Dammit, he needed her to pay attention. He shook his head, only then realizing that there were tubes in his nose.

Jesus! How undignified was that? He reached up and pulled the cannula away. Or tried. Caroline replaced it, and there was nothing he could do about it because he didn't have enough energy to raise his hand again.

The dull ache had worsened, and now he remembered being wheeled down a corridor, blinding overhead lights flashing past with dizzying speed, people running alongside the gurney talking in loud, excited voices. Had a guy with a goatee actually been straddling his chest and pounding on him, or had that been a weird dream?

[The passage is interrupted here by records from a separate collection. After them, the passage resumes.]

(* Put s = sqrt(x y) and c = (sqrt x - sqrt y)^2, so that the generating polynomial
   of X factors as (1 + x t)(1 + y t) = c t + (1 + s t)^2.  Reading off the coefficient
   of t^k in its k-th power gives, with g_i = C(2i,i)/4^i,
     C(2k,k) S(X,2k,k) = sum_i C(k,i) c^(k-i) (4s)^i g_i,
   hence S(X,2k,k) = M^k h_k, where M = (c + 4s)/4 = ((sqrt x + sqrt y)/2)^2 and h_k is
   the binomial average of g_i / g_k.  The recursion g_(i+1) = g_i (1 - 1/(2i+2)) and
   Chebyshev's sum inequality give h_(k+1) <= h_k (1 + p^(k+1)/(2k+1)) with
   p = c/(c + 4s) < 1, while h_k >= 1 + p/(2k+1) for k >= 1.  So h is bounded and
   h_k^(1/k) -> 1; and as soon as 2k p^k <= 1 the growth factor of h is too small
   to beat this lower bound, which yields h_(k+1)^k <= h_k^(k+1). *)

From HB Require Import structures.
From mathcomp Require Import all_boot all_order all_algebra.
From mathcomp Require Import all_classical all_reals all_analysis.
From mathcomp Require Import ring lra zify.
Set Implicit Arguments. Unset Strict Implicit. Unset Printing Implicit Defensive.
Import Order.TTheory GRing.Theory Num.Theory.
Import numFieldNormedType.Exports.
Local Open Scope classical_set_scope.
Local Open Scope ring_scope.

Section PolyCoef.
Variable R : comNzRingType.

Lemma esym_coef n k (X : nat -> R) :
  \sum_(A : {set 'I_n} | #|A| == k) \prod_(i in A) X i =
  (\prod_(i < n) ((X i)%:P * 'X + 1))`_k.
Proof.
rewrite bigA_distr coef_sum big_mkcond /=; apply: eq_bigr => A _.
rewrite -big_mkcond /= big_split /= prodr_const -rmorph_prod coefCM coefXn.
by rewrite eq_sym; case: eqP; rewrite ?mulr1 ?mulr0.
Qed.

Lemma coef_binom_poly (s : R) n j : ((1 + s%:P * 'X) ^+ n)`_j = 'C(n, j)%:R * s ^+ j.
Proof.
rewrite exprDn coef_sum.
transitivity (\sum_(l < n.+1 | l == j :> nat) s ^+ l *+ 'C(n, l)).
  rewrite [RHS]big_mkcond; apply: eq_bigr => l _ /=.
  rewrite expr1n mul1r exprMn -rmorphXn coefMn coefCM coefXn eq_sym.
  by case: eqP; rewrite ?mulr1 ?mulr0 ?mul0rn.
rewrite (big_ord1_eq _ (fun l => s ^+ l *+ 'C(n, l))).
by case: ltnP => [_|/bin_small->]; rewrite ?mulr_natl ?mul0r.
Qed.

Lemma coef_central_poly (c s : R) k :
  ((c%:P * 'X + (1 + s%:P * 'X) ^+ 2) ^+ k)`_k =
  \sum_(i < k.+1) 'C(k, i)%:R * c ^+ (k - i) * (s ^+ i * 'C(2 * i, i)%:R).
Proof.
rewrite exprDn coef_sum; apply: eq_bigr => i _.
rewrite coefMn exprMn -rmorphXn -exprM -mulrA coefCM coefXnM.
have hi : (i <= k)%N by rewrite -ltnS.
rewrite ltnNge leq_subr /= subKn // coef_binom_poly mulnC -mulr_natl; ring.
Qed.

Lemma poly_factor_sqrt (x y s : R) : s * s = x * y ->
  (x%:P * 'X + 1) * (y%:P * 'X + 1) = (x + y - 2 * s)%:P * 'X + (1 + s%:P * 'X) ^+ 2.
Proof.
move=> hs; rewrite rmorphB rmorphD rmorphM /= rmorph_nat.
have hP : x%:P * y%:P = s%:P * s%:P :> {poly R} by rewrite -!polyCM hs.
transitivity ((x%:P * y%:P) * 'X ^+ 2 + (x%:P + y%:P) * 'X + 1); first ring.
by rewrite hP; ring.
Qed.

End PolyCoef.

Lemma mul_bin_central i :
  (i.+1 * 'C((2 * i).+2, i.+1) = 2 * (2 * i).+1 * 'C(2 * i, i))%N.
Proof.
have h1 := mul_bin_diag (2 * i).+2 i.
have h2 := mul_bin_down (2 * i).+1 i.
rewrite /= (_ : ((2 * i).+1 - i = i.+1)%N) in h2; last lia.
apply/eqP; rewrite -(eqn_pmul2l (ltn0Sn i)); apply/eqP.
rewrite mulnA (mulnC i.+1) -mulnA -h1 /=; nia.
Qed.

Section CentralBinomial.
Variable R : realFieldType.

Definition cbinr i : R := 'C(2 * i, i)%:R / 4 ^+ i.

Lemma cbinr0 : cbinr 0 = 1.
Proof. by rewrite /cbinr expr0 divr1. Qed.

Lemma cbinr_gt0 i : 0 < cbinr i.
Proof. by rewrite /cbinr divr_gt0 ?exprn_gt0 // ltr0n bin_gt0 leq_pmull. Qed.

Lemma cbinrS i : cbinr i.+1 = cbinr i * (1 - (2 * i.+1%:R)^-1).
Proof.
have i1 : i%:R + 1 != 0 :> R by rewrite gt_eqF // ltr_wpDl.
have := congr1 (fun n => n%:R : R) (mul_bin_central i).
rewrite /= !natrM -!natr1 => h.
rewrite /cbinr (_ : 2 * i.+1 = (2 * i).+2)%N ?mulnS // exprS -!natr1.
rewrite (_ : 'C(_, _)%:R = 2 * (2 * i%:R + 1) * 'C(2 * i, i)%:R / (i%:R + 1)).
  by field; rewrite i1 expf_neq0 // gt_eqF //; lra.
by apply: (mulfI i1); rewrite h; field.
Qed.

Lemma cbinrS_le i : cbinr i.+1 <= cbinr i.
Proof. by rewrite cbinrS ger_pMr ?cbinr_gt0 // gerBl invr_ge0 mulr_ge0 ?ler0n. Qed.

Lemma cbinr_ge_inv i : (2 * i%:R + 1)^-1 <= cbinr i.
Proof.
elim: i => [|i IH]; first by rewrite cbinr0 mulr0 add0r invr1.
have i0 : (0 : R) <= i%:R by rewrite ler0n.
rewrite cbinrS -[i.+1%:R]natr1.
apply: le_trans (_ : (2 * i%:R + 2)^-1 <= _); first by rewrite lef_pV2 ?posrE; lra.
rewrite (_ : (2 * i%:R + 2)^-1 = (2 * i%:R + 1)^-1 * (1 - (2 * (i%:R + 1))^-1)).
  by rewrite ler_wpM2r // subr_ge0 invf_le1; lra.
by field; rewrite !gt_eqF //; lra.
Qed.

Lemma cbinr_nonincreasing i j : (i <= j)%N -> cbinr j <= cbinr i.
Proof.
move=> /subnK <-; elim: (j - i)%N => [|n IH] //.
by rewrite addSn; apply: le_trans (cbinrS_le _) IH.
Qed.

End CentralBinomial.

Lemma chebyshev_sum (R : realDomainType) n (w f g : nat -> R) :
  (forall i, 0 <= w i) ->
  (forall i j, (i <= j)%N -> f j <= f i) ->
  (forall i j, (i <= j)%N -> g j <= g i) ->
  (\sum_(i < n) w i * f i) * (\sum_(i < n) w i * g i) <=
  (\sum_(i < n) w i) * (\sum_(i < n) w i * f i * g i).
Proof.
move=> w0 fd gd.
set A := \sum_(i < n) w i; set B := \sum_(i < n) w i * f i.
set C := \sum_(i < n) w i * g i; set D := \sum_(i < n) w i * f i * g i.
have pair_ge0 (i j : 'I_n) : 0 <= w i * w j * ((f i - f j) * (g i - g j)).
  apply: mulr_ge0; first exact: mulr_ge0.
  case: (leqP i j) => hij; first by rewrite mulr_ge0 // subr_ge0 ?fd ?gd.
  by rewrite mulr_le0 // subr_le0 ?fd ?gd // ltnW.
have inner (i : 'I_n) : \sum_(j < n) w i * w j * ((f i - f j) * (g i - g j)) =
    w i * f i * g i * A + D * w i - w i * f i * C - B * (w i * g i).
  rewrite /A /B /C /D !mulr_sumr !mulr_suml -big_split -!sumrB /=.
  by apply: eq_bigr => j _; ring.
have : 0 <= \sum_(i < n) \sum_(j < n) w i * w j * ((f i - f j) * (g i - g j)).
  by do 2!(apply: sumr_ge0 => ? _); exact: pair_ge0.
rewrite (eq_bigr _ (fun i _ => inner i)) !sumrB big_split /=.
rewrite -!mulr_suml -!mulr_sumr -/A -/B -/C -/D.
rewrite (_ : _ - B * C - B * C = 2 * (A * D - B * C)); last by ring.
by rewrite pmulr_rge0 // subr_ge0.
Qed.

Section Bernoulli.
Variable R : realFieldType.

Lemma bernoulli_ineq (x : R) n : 0 <= x -> 1 + n%:R * x <= (1 + x) ^+ n.
Proof.
move=> x0; elim: n => [|n IH]; first by rewrite expr0 mul0r addr0.
have n0 : (0 : R) <= n%:R by rewrite ler0n.
rewrite exprS -[n.+1%:R]natr1; apply: le_trans (_ : (1 + x) * (1 + n%:R * x) <= _); first nra.
by rewrite ler_wpM2l // addr_ge0.
Qed.

Lemma bernoulli_ineq2 (x : R) n : 0 <= x ->
  1 + n%:R * x + n%:R * (n%:R - 1) / 2 * x ^+ 2 <= (1 + x) ^+ n.
Proof.
move=> x0; elim: n => [|n IH]; first by rewrite expr0 !mul0r !addr0.
have n0 : (0 : R) <= n%:R by rewrite ler0n.
rewrite exprS -[n.+1%:R]natr1.
apply: le_trans (_ : (1 + x) * (1 + n%:R * x + n%:R * (n%:R - 1) / 2 * x ^+ 2) <= _).
  have x3 : 0 <= n%:R * x ^+ 3 by rewrite mulr_ge0 // exprn_ge0.
  rewrite -subr_ge0 (_ : _ - _ = (n%:R * x ^+ 3) * (n%:R - 1) / 2); last by field.
  case: n IH n0 x3 => [|n] _ n0 x3; first by rewrite !mul0r.
  by rewrite divr_ge0 // mulr_ge0 // subr_ge0 ler1n.
by rewrite [(1 + x) ^+ n.+1]exprS ler_wpM2l // addr_ge0.
Qed.

Lemma exprn_1Dx_le (u : R) n : 0 <= u -> 2 * n%:R * u <= 1 ->
  (1 + u) ^+ n <= 1 + 2 * n%:R * u.
Proof.
move=> u0; elim: n => [|n IH] h; first by rewrite expr0 mulr0 mul0r addr0.
have n0 : (0 : R) <= n%:R by rewrite ler0n.
have h' : 2 * n%:R * u <= 1 by move: h; rewrite -[n.+1%:R]natr1; nra.
rewrite exprS; apply: le_trans (_ : (1 + u) * (1 + 2 * n%:R * u) <= _).
  by rewrite ler_wpM2l ?IH //; lra.
by move: h; rewrite -[n.+1%:R]natr1; nra.
Qed.

End Bernoulli.

Lemma eventually_mulrn_expr_le1 (R : archiRealFieldType) (p : R) : 0 <= p -> p < 1 ->
  exists K : nat, forall k, (K <= k)%N -> 2 * k%:R * p ^+ k <= 1.
Proof.
move=> p0 p1; have [->|pn0] := eqVneq p 0.
  by exists 1%N => -[|k] // _; rewrite expr0n mulr0.
have pp : 0 < p by rewrite lt_def pn0.
set h := p^-1 - 1; have h0 : 0 < h by rewrite subr_gt0 invf_gt1.
set B := 4 / h ^+ 2; have B0 : 0 <= B by rewrite divr_ge0 // exprn_ge0 // ltW.
exists (Num.Def.archi_bound B).+2 => k hk.
have Bk : B + 1 < k%:R.
  have := archi_boundP B0.
  have : ((Num.Def.archi_bound B).+2%:R : R) <= k%:R by rewrite ler_nat.
  rewrite -!natr1; lra.
have pk : 0 < p ^+ k by rewrite exprn_gt0.
have k0 : (0 : R) <= k%:R by rewrite ler0n.
have := bernoulli_ineq2 k (ltW h0); rewrite (_ : 1 + h = p^-1); last by rewrite /h; ring.
rewrite exprVn => H.
have H2 : k%:R * (k%:R - 1) / 2 * h ^+ 2 <= (p ^+ k)^-1.
  apply: le_trans H; rewrite -subr_ge0 addrK.
  have := mulr_ge0 k0 (ltW h0); lra.
rewrite -(@ler_pM2r _ ((p ^+ k)^-1)) ?invr_gt0 // mul1r mulfK ?gt_eqF //.
apply: le_trans H2.
have h2 : 0 < h ^+ 2 by rewrite exprn_gt0.
have hB : B * h ^+ 2 = 4 by rewrite /B mulfVK // gt_eqF.
have : 4 <= (k%:R - 1) * h ^+ 2 by rewrite -hB ler_wpM2r ?ltW //; lra.
nra.
Qed.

Had those extra-bright lights been on the ceiling of an operating room? Probably some asshole with a trophy wife, a golf club membership, and a healthy six-figure annual income had been digging around inside his chest, and that's why it felt so tight and achy.

He heard a soothing voice as if it was coming from the end of a tunnel. It said, "Only another minute, Ms. King. Then you'll have to leave."

He hadn't realized his eyes had closed until he pried them open again. Caroline was still there. He gazed into her face and thought how lucky he was to be seeing it one more time, and marveled over how beautiful she was. He felt the warm, wet trickle of his own tears. Well, this was just super. Here he was, about to die, and there were tubes in his nostrils, and he was crying like a complete puss.

He forced his thick tongue to move before his final minute in this staging area was up, and Caroline would be lost to him forever. "Sorry I was..."

Shit. Sixty seconds wasn't enough time to list all the things he was sorry for. He just needed to tell her how much he loved her, had always loved her and always would. But he had to hurry because the stranger with the soothing voice was injecting something into the tube in his arm. Instantly he felt a rush of honeyed heat and sublimity. It was great fuckin' stuff, but as good as it was, he fought its effects.

He must say what needed to be said to Caroline, and he must say it in a way that would encompass the immensity of his love.

He groped for her hand, found it, squeezed it with all the strength he had. "I'd die for you all over again."

She turned his hand and pressed his palm against her heart. It beat steadily, strongly against his hand. She bent down and kissed his lips. Not gently. But with ardor, the way she used to when she was either really aroused or really pissed off.

When she pulled back, she whispered, "I know you love me enough to die for me, Dodge. Do you love me enough to live?"

Damn the woman! He couldn't leave now. Now that she'd given him something more to prove.